Solve the following equation $$\frac{\partial ^2u}{\partial x^2}=\frac{\partial u}{\partial t}.\quad 0<x<1, 0<t,$$ with
$$u(0,t)=-1\\ -\frac{\partial u(1,t)}{ \partial x}=(u(1,t)-1) \\ u(x,0)=x-1.$$
by using variable and separable method Let $ u(x,t)=X(x)T(t) \implies u_{xx}(x,t)=X''(x)T(t), u_t(x,t)=X(x)T(t)$
then given equation be $\frac{X''(x)}{X(x)}=\frac{T'(t)}{T(t)}=k \implies X''(x)-kX(x)=0, T'(t)-kT(t)=0$
This implies $X(x)=c_1e^{\sqrt{k}x}+c_2e^{-\sqrt{k}x}, T(t)=c_3e^{kt}$
I don't know how to use these boundary and initial conditions,,Any help?
To apply the method of separation of variables, you need to have homogeneous boundary conditions, otherwise you can't linearly combine the separated solutions $u_n(x,t) = X_n(x) T_n(t)$ to obtain the sought solution $u(x,t) = \sum_n c_ n u_n(x,t)$ that also matches the initial condition.

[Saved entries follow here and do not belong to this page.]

(* Let $\mu$ be a Borel probability measure on $[0,1]$ and let $(v_k)_{k=1}^M\subseteq[0,1]$ with $M\in\mathbb{N}\cup\{\infty\}$. Then there exists $(x_k)_{k=1}^M\subseteq[0,1]$ such that for all integers $2\leq N\leq M$, $$D^*_N\Big(\mu;\tfrac1N\textstyle\sum_{i=1}^N\delta_{x_i}\Big)\leq D^*_N\Big(\lambda_1;\tfrac1N\textstyle\sum_{i=1}^N\delta_{v_i}\Big).$$ Moreover, if $\mu$ has no point masses (i.e. $\mu(\{x\})=0$ for every $x\in[0,1]$), then equality holds for all such $N$.
   Context: $\lambda_1$ is Lebesgue measure on $[0,1]$ and $\delta_y$ the Dirac measure at $y$. For probability measures $\mu,\nu$ on $[0,1]$, the star-discrepancy is $D^*_N(\mu;\nu)=\sup_{b\in[0,1]}|\mu([0,b))-\nu([0,b))|$ (supremum over half-open intervals anchored at $0$). *)

From Stdlib Require Import Reals Lra.
Open Scope R_scope.

Inductive borel : (R -> Prop) -> Prop :=
| borel_interval (a b : R) : borel (fun x => a < x < b)
| borel_compl (A : R -> Prop) : borel A -> borel (fun x => ~ A x)
| borel_union (A : nat -> R -> Prop) :
    (forall n, borel (A n)) -> borel (fun x => exists n, A n x).

(* A Borel probability measure on [0,1], represented as a countably additive
   nonnegative set function on the Borel sets of R concentrated on [0,1]. *)
Record borel_prob_01 (mu : (R -> Prop) -> R) : Prop := {
  bp_nonneg : forall A, borel A -> 0 <= mu A;
  bp_empty : mu (fun _ => False) = 0;
  bp_sigma_add : forall A : nat -> R -> Prop,
      (forall n, borel (A n)) ->
      (forall m n x, m <> n -> A m x -> A n x -> False) ->
      infinite_sum (fun n => mu (A n)) (mu (fun x => exists n, A n x));
  bp_total : mu (fun x => 0 <= x <= 1) = 1;
  bp_support : mu (fun x => ~ (0 <= x <= 1)) = 0 }.

Definition no_point_masses (mu : (R -> Prop) -> R) : Prop :=
  forall x, 0 <= x <= 1 -> mu (fun t => t = x) = 0.

Definition Ico0 (b : R) : R -> Prop := fun t => 0 <= t < b.

(* Lebesgue measure lambda_1 of [0,b), for b in [0,1]. *)
Definition lambda1_Ico0 (b : R) : R := b.

Fixpoint count_Ico0 (x : nat -> R) (b : R) (n : nat) : R :=
  match n with
  | O => 0
  | S m => count_Ico0 x b m +
           (if Rle_dec 0 (x (S m)) then (if Rlt_dec (x (S m)) b then 1 else 0) else 0)
  end.

(* (1/N) sum_{i=1}^N delta_{x_i} evaluated on [0,b). *)
Definition empirical_Ico0 (x : nat -> R) (N : nat) (b : R) : R :=
  / INR N * count_Ico0 x b N.

(* d is the star discrepancy sup_{b in [0,1]} |F b - G b| between two measures,
   given through their values F b, G b on [0,b). *)
Definition is_star_discrepancy (F G : R -> R) (d : R) : Prop :=
  is_lub (fun r => exists b, 0 <= b <= 1 /\ r = Rabs (F b - G b)) d.

(* M in N u {infinity}: None = infinity. *)
Definition le_ext (N : nat) (M : option nat) : Prop :=
  match M with None => True | Some m => (N <= m)%nat end.

Definition in_index_range (k : nat) (M : option nat) : Prop :=
  (1 <= k)%nat /\ le_ext k M.

(* Let F b = mu [0,b) and take x_k = Q (v_k), where Q v = sup {t in [0,1] | F t <= v} is the
   generalized inverse of F.  Left continuity of F gives Q v < b <-> v < F b, so the x_k fall
   into [0,b) exactly when the v_k fall into [0, F b): every deviation |F b - emp_x [0,b)| is
   the uniform deviation |c - emp_v [0,c)| at c = F b in [0,1].  Without atoms F is also right
   continuous, hence F (Q c) = c and every c in [0,1] is reached, so the two suprema agree. *)

From Stdlib Require Import Reals Lra Lia Classical FunctionalExtensionality PropExtensionality.
Open Scope R_scope.

Lemma inv_succ_pos n : 0 < / INR (S n).
Proof. apply Rinv_0_lt_compat, lt_0_INR; lia. Qed.

Lemma inv_succ_decr n : / INR (S (S n)) <= / INR (S n).
Proof. apply Rinv_le_contravar; [apply lt_0_INR; lia | apply le_INR; lia]. Qed.

Lemma inv_succ_lt eps : 0 < eps -> exists n, / INR (S n) < eps.
Proof.
  intro Heps; destruct (archimed_cor1 eps Heps) as [N [HN HN0]].
  exists (pred N); now replace (S (pred N)) with N by lia.
Qed.

Lemma set_ext (A B : R -> Prop) : (forall x, A x <-> B x) -> A = B.
Proof.
  intro H; apply functional_extensionality; intro x; apply propositional_extensionality; auto.
Qed.
Definition pow2_tree_sum (r d : nat) : nat :=
  \sum_(i < r) 2 ^ i * tree_level (r - i.+1) (d + i).

Lemma pow2_tree_sumS r d : pow2_tree_sum r.+1 d = tree_level r d + 2 * pow2_tree_sum r d.+1.
Proof.
rewrite /pow2_tree_sum big_ord_recl /= expn0 mul1n subn1 addn0 big_distrr.
by congr (_ + _); apply: eq_bigr => i _; rewrite /bump /= expnS mulnA addnS addSn subSS.
Qed.

Lemma pow2_tree_sum_binom r d : 0 < d -> pow2_tree_sum r.+1 d = 'C(r.*2 + d, r).
Proof.
elim: r d => [|r IH] d d0; first by rewrite pow2_tree_sumS /pow2_tree_sum big_ord0 bin0.
rewrite pow2_tree_sumS IH //; have := tree_level_binom r d0.
have -> : r.+1.*2 + d = (r.*2 + d.+1).+1 by rewrite doubleS; lia.
by rewrite binS addnS; lia.
Qed.

(** * From permutations to words *)

Definition order_iso (p q : seq nat) : bool :=
  all (fun i => all (fun j => (nth 0 q i < nth 0 q j) == (nth 0 p i < nth 0 p j))
                    (iota 0 (size p))) (iota 0 (size p)).

Section Words.
Variable k : nat.
Local Notation n := k.+1.

Definition word_of (s : {perm 'I_n}) : seq nat := [seq val (s i) | i <- enum 'I_n].

Lemma nth_word_of s (i : 'I_n) : nth 0 (word_of s) i = s i.
Proof. by rewrite /word_of (nth_map ord0) ?size_enum_ord // nth_ord_enum. Qed.

Lemma nth_word_of_inord s i : i < n -> nth 0 (word_of s) i = s (inord i).
Proof. by move=> i_lt; rewrite -nth_word_of inordK. Qed.

Lemma word_of_inj : injective word_of.
Proof.
move=> s t st; apply/permP => i; apply/val_inj.
by have := congr1 (nth 0 ^~ i) st; rewrite /= !nth_word_of.
Qed.
(* Let $d>0$ be fixed. For every integer $N>d$ put $p=d/N$ and let $D_N(i,j)$, $S_N(i,j)$ ($1\le i,j\le N$) be the mean-field node-based quantities defined in the context. Let $\tilde{\mathcal D}_N:[0,1)^2\to\mathbb R$ be the scaled function defined in the context. Then, as $N\to\infty$, $\tilde{\mathcal D}_N$ converges uniformly on $[0,1)^2$ to $$\mathcal D_\infty(\alpha,\beta)=\frac{d\,e^{d|\beta-\alpha|}}{\bigl(1-e^{-d\min(\alpha,\beta)}+e^{d|\beta-\alpha|}\bigr)^2}.$$ Equivalently, $\mathcal D_\infty(\alpha,\beta)=\dfrac{d\,e^{d(\beta-\alpha)}}{(1-e^{-d\alpha}+e^{d(\beta-\alpha)})^2}$ for all $(\alpha,\beta)$; this expression is symmetric in $(\alpha,\beta)$.
   Context: Mean-field node-based recursion: fix $N$ and $p\in(0,1]$. For $i,j\in\{1,\dots,N\}$ define $D_N(i,j)$ and $S_N(i,j)$ jointly by $S_N(i,j)=1-\sum_{k=1}^{j-1}D_N(i,k)$, $D_N(i,i)=0$, and $D_N(i,j)=p\,S_N(i,j)\,S_N(j,i)$ for $i\ne j$. (This is well defined by induction on $i+j$, since $S_N(i,j)$ only involves $D_N(i,k)$ with $k<j$.) For $\alpha\in[0,1)$ write $i_N(\alpha)=\lfloor N\alpha\rfloor+1\in\{1,\dots,N\}$. The scaled function is $\tilde{\mathcal D}_N(\alpha,\beta)=N\,D_N(i_N(\alpha),i_N(\beta))$ if $\lfloor N\alpha\rfloor\neq\lfloor N\beta\rfloor$, and $\tilde{\mathcal D}_N(\alpha,\beta)=N p\,S_N(i_N(\alpha),i_N(\alpha))^2$ otherwise. Here $p=d/N$. *)

From Stdlib Require Import Reals Lra Lia Arith ZArith.
Open Scope R_scope.

Fixpoint sumR (f : nat -> R) (m : nat) : R :=
  match m with
  | O => 0
  | S m' => sumR f m' + f (S m')
  end.

(* Fuel-based unfolding of the recursion, indices 1-based.
   All recursive calls D(i,k), k<j, and D(j,k), k<i, have index sum < i+j,
   so fuel i+j suffices (the value is independent of extra fuel). *)
Fixpoint D_fuel (fuel : nat) (p : R) (i j : nat) : R :=
  match fuel with
  | O => 0
  | S n =>
      if Nat.eqb i j then 0
      else p * (1 - sumR (fun k => D_fuel n p i k) (j - 1))
             * (1 - sumR (fun k => D_fuel n p j k) (i - 1))
  end.

Definition Dmf (p : R) (i j : nat) : R := D_fuel (i + j) p i j.

Definition Smf (p : R) (i j : nat) : R := 1 - sumR (fun k => Dmf p i k) (j - 1).

Definition fl (N : nat) (a : R) : nat := Z.to_nat (Int_part (INR N * a)).

Definition iN (N : nat) (a : R) : nat := (fl N a + 1)%nat.

Definition Dtilde (d : R) (N : nat) (a b : R) : R :=
  let p := d / INR N in
  if Nat.eqb (fl N a) (fl N b)
  then INR N * p * (Smf p (iN N a) (iN N a))^2
  else INR N * Dmf p (iN N a) (iN N b).

Definition Dinf (d a b : R) : R :=
  d * exp (d * Rabs (b - a)) /
  (1 - exp (- d * Rmin a b) + exp (d * Rabs (b - a)))^2.

(** Writing [surv p i j] for the survival quantity [S(i+1, j+1)], the
    recursion becomes multiplicative: [surv p i (j+1) = surv p i j] if [i = j]
    and [surv p i j * (1 - p * surv p j i)] otherwise.  With
    [frac x y = x / (x + y - 1)] and the geometric grid [g_k = (1-p)^{-k}],
    the explicit function [approx p i j = frac g_i g_j] (second index shifted
    by one above the diagonal) satisfies the same recursion exactly above the
    diagonal and up to [O(p^2)] below it.  A discrete Gronwall induction on
    [i + j] bounds [|surv - approx|] by [budget p (i+j) = O(p e^{(i+j) p})].
    Since [g_k] is within [O(p)] of [e^{k p}] and [frac] is 1-Lipschitz,
    [surv p (floor(N a)) (floor(N b))] is within [O(1/N)] of
    [frac (e^{d a}) (e^{d b})], uniformly on [[0,1)^2].  Finally both [Dtilde]
    and [Dinf] are [d] times a product of two such survival functions, which
    gives the explicit rate [Dtilde_error] and hence the theorem. *)

From Stdlib Require Import Reals Lra Lia ZArith.
Open Scope R_scope.

Lemma sumR_ext (f g : nat -> R) (m : nat) :
  (forall k, (1 <= k <= m)%nat -> f k = g k) -> sumR f m = sumR g m.
Proof.
  induction m as [|m IH]; intros Hfg; simpl; [reflexivity|].
  rewrite IH by (intros; apply Hfg; lia).
  rewrite Hfg by lia. reflexivity.
Qed.

Lemma D_fuel_indep (p : R) :
  forall n m i j, (i + j <= n)%nat -> (i + j <= m)%nat ->
  D_fuel n p i j = D_fuel m p i j.
Proof.
  induction n as [|n IH]; intros m i j Hn Hm.
  - assert (i = 0%nat /\ j = 0%nat) as [-> ->] by lia.
    destruct m; reflexivity.
  - destruct m as [|m].
    + assert (i = 0%nat /\ j = 0%nat) as [-> ->] by lia. reflexivity.
    + simpl. destruct (Nat.eqb i j); [reflexivity|].
      rewrite (sumR_ext (fun k => D_fuel n p i k) (fun k => D_fuel m p i k))
        by (intros k Hk; apply IH; lia).
      rewrite (sumR_ext (fun k => D_fuel n p j k) (fun k => D_fuel m p j k))
        by (intros k Hk; apply IH; lia).
      reflexivity.
Qed.

Lemma Dmf_rec (p : R) (i j : nat) :
  Dmf p i j = if Nat.eqb i j then 0 else p * Smf p i j * Smf p j i.
Proof.
  unfold Dmf, Smf. destruct (Nat.eqb i j) eqn:E.
  - apply Nat.eqb_eq in E. subst. destruct (j + j)%nat; simpl; [reflexivity|].
    rewrite Nat.eqb_refl. reflexivity.
  - apply Nat.eqb_neq in E. destruct (i + j)%nat as [|n] eqn:Hn; [lia|]. simpl.
    replace (Nat.eqb i j) with false by (symmetry; apply Nat.eqb_neq; exact E).
    rewrite (sumR_ext (fun k => D_fuel n p i k) (fun k => D_fuel (i + k) p i k))
      by (intros k Hk; apply D_fuel_indep; lia).
    rewrite (sumR_ext (fun k => D_fuel n p j k) (fun k => D_fuel (j + k) p j k))
      by (intros k Hk; apply D_fuel_indep; lia).
    reflexivity.
Qed.

Definition surv (p : R) (i j : nat) : R := Smf p (S i) (S j).

Lemma surv_first (p : R) (i : nat) : surv p i 0 = 1.
Proof. unfold surv, Smf. simpl. ring. Qed.

Lemma surv_step (p : R) (i j : nat) :
  surv p i (S j) = if Nat.eqb i j then surv p i j
                   else surv p i j * (1 - p * surv p j i).
Proof.
  unfold surv, Smf at 1. replace (S (S j) - 1)%nat with (S j) by lia.
  simpl sumR. rewrite Dmf_rec. simpl Nat.eqb.
  unfold Smf. replace (S j - 1)%nat with j by lia.
  destruct (Nat.eqb i j); ring.
Qed.

Lemma surv_bounds (p : R) (i j : nat) : 0 < p < 1 -> 0 < surv p i j <= 1.
Proof.
  intros Hp. remember (i + j)%nat as n eqn:Hn. revert i j Hn.
  induction n as [n IH] using lt_wf_ind; intros i [|j] Hn.
  - rewrite surv_first. lra.
  - rewrite surv_step. destruct (Nat.eqb i j); [apply (IH (i + j)%nat); lia|].
    pose proof (IH (i + j)%nat ltac:(lia) i j eq_refl) as Sij.
    pose proof (IH (j + i)%nat ltac:(lia) j i eq_refl) as Sji.
    assert (0 < 1 - p * surv p j i <= 1) by nra.
    split; nra.
Qed.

Start by finding the equilibrium solution (the time-independent heat distribution that you expect $u$ to tend to as $t \to \infty$). If we call it $U(x)$, it's determined by $U_{xx}(x)=0$ for $0<x<1$, with boundary conditions $U(0)=-1$ and $-U_x(1)=U(1)-1$. Once you've calculated $U$, let $v(x,t) = u(x,t)-U(x)$, i.e., consider the difference between the temperature and the equilibrium that it tends to. Write down the corresponding initial-boundary value problem for $v$; it should have homogeneous boundary conditions. Then you can start thinking about separation of variables (if needed; in this case, the problem for $v$ turns out to be so easy that that's not even necessary).